* DIRECTIONS FOR THIS TASK: Only the lines below from the one containing "Arguments succ_ord : clear implicits." to the one containing "have jn : i" should be repeated, both included and unchanged.

⁂

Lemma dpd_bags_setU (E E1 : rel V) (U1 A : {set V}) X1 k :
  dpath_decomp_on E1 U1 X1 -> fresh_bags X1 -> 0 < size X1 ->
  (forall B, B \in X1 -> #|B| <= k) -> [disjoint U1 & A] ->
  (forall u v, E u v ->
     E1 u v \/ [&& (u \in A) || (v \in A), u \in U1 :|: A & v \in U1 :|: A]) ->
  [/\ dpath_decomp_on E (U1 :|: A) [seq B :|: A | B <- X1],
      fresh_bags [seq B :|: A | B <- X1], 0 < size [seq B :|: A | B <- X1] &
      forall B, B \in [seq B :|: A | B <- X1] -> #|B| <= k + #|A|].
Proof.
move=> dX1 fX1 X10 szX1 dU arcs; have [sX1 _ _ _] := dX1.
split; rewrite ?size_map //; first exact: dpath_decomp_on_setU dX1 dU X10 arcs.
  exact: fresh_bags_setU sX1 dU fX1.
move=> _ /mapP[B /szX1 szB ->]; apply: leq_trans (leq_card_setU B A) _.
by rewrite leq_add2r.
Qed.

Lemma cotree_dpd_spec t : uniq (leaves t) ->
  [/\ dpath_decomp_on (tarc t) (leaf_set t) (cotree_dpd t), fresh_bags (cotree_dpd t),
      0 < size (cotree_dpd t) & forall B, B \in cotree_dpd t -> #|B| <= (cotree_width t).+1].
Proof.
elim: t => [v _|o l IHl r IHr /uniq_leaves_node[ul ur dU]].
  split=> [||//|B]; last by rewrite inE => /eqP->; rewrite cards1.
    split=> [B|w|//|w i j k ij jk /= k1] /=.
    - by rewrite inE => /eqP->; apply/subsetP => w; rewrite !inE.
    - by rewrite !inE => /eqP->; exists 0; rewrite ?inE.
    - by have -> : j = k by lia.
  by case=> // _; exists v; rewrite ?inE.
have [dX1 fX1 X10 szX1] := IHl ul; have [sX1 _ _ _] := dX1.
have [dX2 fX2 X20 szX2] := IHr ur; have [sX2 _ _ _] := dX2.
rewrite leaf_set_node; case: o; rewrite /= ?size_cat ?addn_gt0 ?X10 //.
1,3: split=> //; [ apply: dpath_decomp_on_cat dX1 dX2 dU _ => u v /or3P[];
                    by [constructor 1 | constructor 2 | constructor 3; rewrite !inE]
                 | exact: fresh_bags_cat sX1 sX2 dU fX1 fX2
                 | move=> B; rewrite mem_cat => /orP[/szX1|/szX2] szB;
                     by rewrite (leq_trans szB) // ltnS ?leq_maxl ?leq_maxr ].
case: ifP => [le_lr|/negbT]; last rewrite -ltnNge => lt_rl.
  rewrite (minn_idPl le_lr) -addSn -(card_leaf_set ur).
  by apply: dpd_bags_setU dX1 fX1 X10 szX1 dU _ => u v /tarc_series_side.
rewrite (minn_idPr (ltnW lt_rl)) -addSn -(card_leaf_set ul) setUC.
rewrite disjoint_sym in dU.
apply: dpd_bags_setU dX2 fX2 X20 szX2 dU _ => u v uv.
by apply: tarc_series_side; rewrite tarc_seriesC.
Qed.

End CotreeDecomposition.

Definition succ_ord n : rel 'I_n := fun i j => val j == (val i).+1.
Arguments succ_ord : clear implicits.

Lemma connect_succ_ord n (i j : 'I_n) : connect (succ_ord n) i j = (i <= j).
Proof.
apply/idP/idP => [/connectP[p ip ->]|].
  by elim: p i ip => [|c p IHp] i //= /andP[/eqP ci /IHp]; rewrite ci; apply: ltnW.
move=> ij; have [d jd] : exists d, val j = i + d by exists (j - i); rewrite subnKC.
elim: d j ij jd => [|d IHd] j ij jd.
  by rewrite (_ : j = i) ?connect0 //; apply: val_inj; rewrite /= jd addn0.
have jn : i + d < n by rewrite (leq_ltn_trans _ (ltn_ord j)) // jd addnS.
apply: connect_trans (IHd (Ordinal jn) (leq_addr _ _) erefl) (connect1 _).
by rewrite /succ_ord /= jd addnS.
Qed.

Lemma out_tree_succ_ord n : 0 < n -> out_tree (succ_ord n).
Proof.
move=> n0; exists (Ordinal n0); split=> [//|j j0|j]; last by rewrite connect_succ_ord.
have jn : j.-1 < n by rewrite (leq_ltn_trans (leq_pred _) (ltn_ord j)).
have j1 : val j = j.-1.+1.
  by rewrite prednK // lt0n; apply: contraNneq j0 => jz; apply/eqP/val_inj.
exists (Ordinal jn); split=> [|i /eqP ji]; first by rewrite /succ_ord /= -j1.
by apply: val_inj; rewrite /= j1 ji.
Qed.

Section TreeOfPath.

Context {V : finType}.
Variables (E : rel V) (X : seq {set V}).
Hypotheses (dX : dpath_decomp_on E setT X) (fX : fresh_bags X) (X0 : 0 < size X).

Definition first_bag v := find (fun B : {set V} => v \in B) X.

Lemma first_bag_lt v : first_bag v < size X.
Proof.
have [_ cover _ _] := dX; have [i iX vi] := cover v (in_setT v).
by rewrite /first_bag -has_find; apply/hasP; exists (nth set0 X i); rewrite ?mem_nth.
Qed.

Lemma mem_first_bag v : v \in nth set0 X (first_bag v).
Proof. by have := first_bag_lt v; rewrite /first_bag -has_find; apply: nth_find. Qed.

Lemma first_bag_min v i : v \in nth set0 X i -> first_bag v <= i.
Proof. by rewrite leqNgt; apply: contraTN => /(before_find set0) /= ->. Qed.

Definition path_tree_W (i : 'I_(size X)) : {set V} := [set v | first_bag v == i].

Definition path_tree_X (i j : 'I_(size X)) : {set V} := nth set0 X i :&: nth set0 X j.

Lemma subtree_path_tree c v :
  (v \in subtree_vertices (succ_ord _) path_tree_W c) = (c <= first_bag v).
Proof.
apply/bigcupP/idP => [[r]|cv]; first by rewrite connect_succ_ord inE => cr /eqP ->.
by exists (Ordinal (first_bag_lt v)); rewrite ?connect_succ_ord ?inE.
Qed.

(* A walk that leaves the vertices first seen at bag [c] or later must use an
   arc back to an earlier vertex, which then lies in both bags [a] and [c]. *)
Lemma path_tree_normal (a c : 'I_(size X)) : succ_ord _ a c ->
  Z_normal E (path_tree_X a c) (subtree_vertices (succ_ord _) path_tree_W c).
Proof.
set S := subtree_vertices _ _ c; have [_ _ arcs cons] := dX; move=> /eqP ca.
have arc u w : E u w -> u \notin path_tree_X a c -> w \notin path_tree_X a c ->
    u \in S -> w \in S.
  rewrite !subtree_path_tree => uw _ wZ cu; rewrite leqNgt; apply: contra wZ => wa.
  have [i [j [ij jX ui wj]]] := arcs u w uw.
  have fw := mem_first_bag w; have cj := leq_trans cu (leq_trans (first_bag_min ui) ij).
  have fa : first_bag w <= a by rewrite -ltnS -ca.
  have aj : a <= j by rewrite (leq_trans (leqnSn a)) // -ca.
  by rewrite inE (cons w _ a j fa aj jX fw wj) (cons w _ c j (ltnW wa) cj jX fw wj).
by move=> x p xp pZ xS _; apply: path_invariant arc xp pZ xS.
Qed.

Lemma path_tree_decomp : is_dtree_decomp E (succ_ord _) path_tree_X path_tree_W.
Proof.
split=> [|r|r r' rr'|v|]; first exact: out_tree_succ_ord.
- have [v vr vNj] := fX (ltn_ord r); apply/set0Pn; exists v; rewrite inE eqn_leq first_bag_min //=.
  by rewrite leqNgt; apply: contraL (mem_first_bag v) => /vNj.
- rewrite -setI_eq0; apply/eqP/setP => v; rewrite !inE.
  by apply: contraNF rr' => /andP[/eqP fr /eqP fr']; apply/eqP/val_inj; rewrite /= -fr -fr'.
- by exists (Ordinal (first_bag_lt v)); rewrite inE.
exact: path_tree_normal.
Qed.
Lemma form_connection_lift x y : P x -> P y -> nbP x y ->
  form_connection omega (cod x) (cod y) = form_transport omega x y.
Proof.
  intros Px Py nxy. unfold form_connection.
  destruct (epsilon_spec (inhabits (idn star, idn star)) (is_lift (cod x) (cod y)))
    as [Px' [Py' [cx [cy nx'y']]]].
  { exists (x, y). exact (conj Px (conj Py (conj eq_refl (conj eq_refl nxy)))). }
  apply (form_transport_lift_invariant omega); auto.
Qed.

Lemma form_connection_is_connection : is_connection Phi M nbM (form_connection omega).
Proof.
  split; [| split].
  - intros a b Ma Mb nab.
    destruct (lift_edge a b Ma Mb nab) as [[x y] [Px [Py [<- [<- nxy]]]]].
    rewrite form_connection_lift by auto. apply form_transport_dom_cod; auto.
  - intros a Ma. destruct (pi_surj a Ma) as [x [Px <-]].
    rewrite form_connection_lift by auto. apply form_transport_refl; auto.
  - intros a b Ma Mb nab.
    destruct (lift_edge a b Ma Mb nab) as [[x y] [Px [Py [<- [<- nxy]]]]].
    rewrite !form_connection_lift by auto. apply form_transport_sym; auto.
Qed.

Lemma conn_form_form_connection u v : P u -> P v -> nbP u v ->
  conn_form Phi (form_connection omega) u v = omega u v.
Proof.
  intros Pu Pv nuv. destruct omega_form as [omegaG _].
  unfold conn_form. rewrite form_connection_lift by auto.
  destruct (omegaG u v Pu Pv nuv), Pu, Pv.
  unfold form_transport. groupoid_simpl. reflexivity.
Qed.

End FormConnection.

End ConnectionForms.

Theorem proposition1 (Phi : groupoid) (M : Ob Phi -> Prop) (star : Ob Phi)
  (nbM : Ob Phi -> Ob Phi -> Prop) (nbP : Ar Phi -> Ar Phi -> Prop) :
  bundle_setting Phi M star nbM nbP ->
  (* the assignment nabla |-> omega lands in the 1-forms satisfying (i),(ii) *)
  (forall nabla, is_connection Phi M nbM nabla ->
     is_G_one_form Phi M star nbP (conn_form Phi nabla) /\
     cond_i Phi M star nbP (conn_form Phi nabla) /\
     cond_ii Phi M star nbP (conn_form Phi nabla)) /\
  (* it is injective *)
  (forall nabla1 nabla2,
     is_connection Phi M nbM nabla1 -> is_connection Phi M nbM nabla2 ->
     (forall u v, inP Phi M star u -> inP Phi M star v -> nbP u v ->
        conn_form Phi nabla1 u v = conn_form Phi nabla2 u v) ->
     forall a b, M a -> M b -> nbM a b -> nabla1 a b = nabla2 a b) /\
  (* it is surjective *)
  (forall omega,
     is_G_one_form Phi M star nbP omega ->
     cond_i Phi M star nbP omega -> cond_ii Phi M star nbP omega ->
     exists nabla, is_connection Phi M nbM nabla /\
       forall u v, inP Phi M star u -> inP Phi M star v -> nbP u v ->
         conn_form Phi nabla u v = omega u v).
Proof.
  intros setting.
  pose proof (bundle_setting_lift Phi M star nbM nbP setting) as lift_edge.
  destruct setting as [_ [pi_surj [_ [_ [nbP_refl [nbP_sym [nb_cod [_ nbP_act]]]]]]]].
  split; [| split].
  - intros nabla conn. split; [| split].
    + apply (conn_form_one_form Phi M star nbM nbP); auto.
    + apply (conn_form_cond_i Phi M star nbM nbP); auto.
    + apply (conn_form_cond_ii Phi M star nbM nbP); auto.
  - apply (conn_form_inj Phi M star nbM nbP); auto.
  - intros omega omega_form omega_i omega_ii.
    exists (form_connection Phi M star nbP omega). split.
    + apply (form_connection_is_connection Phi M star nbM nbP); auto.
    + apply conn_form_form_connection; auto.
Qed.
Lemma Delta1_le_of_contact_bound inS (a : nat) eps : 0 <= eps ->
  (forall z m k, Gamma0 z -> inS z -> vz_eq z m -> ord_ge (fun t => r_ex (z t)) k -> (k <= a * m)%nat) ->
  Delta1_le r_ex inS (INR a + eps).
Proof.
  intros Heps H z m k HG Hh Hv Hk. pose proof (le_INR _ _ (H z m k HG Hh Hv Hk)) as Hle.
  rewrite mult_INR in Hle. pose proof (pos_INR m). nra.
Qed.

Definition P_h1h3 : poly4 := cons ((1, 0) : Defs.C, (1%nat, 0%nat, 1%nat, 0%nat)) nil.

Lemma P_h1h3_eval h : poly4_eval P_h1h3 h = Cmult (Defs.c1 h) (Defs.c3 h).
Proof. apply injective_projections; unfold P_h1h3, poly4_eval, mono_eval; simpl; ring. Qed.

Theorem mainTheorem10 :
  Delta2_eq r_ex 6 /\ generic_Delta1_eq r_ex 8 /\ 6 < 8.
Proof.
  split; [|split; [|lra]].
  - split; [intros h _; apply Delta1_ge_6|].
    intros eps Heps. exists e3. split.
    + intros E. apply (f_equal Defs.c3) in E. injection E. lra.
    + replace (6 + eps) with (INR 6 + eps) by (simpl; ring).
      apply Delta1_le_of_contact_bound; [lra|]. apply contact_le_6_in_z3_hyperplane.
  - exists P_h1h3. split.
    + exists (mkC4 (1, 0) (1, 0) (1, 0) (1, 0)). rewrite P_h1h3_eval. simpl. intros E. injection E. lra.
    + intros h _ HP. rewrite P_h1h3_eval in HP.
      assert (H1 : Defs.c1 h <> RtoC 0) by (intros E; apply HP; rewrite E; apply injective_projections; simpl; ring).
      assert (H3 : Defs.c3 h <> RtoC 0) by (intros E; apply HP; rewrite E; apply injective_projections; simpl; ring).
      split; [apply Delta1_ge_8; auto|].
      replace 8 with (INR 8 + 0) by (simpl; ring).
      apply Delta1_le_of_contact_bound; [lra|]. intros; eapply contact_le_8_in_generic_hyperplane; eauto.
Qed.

⁂

* RESULT BELOW:
Arguments succ_ord : clear implicits.

Lemma connect_succ_ord n (i j : 'I_n) : connect (succ_ord n) i j = (i <= j).
Proof.
apply/idP/idP => [/connectP[p ip ->]|].
  by elim: p i ip => [|c p IHp] i //= /andP[/eqP ci /IHp]; rewrite ci; apply: ltnW.
move=> ij; have [d jd] : exists d, val j = i + d by exists (j - i); rewrite subnKC.
elim: d j ij jd => [|d IHd] j ij jd.
  by rewrite (_ : j = i) ?connect0 //; apply: val_inj; rewrite /= jd addn0.
have jn : i + d < n by rewrite (leq_ltn_trans _ (ltn_ord j)) // jd addnS.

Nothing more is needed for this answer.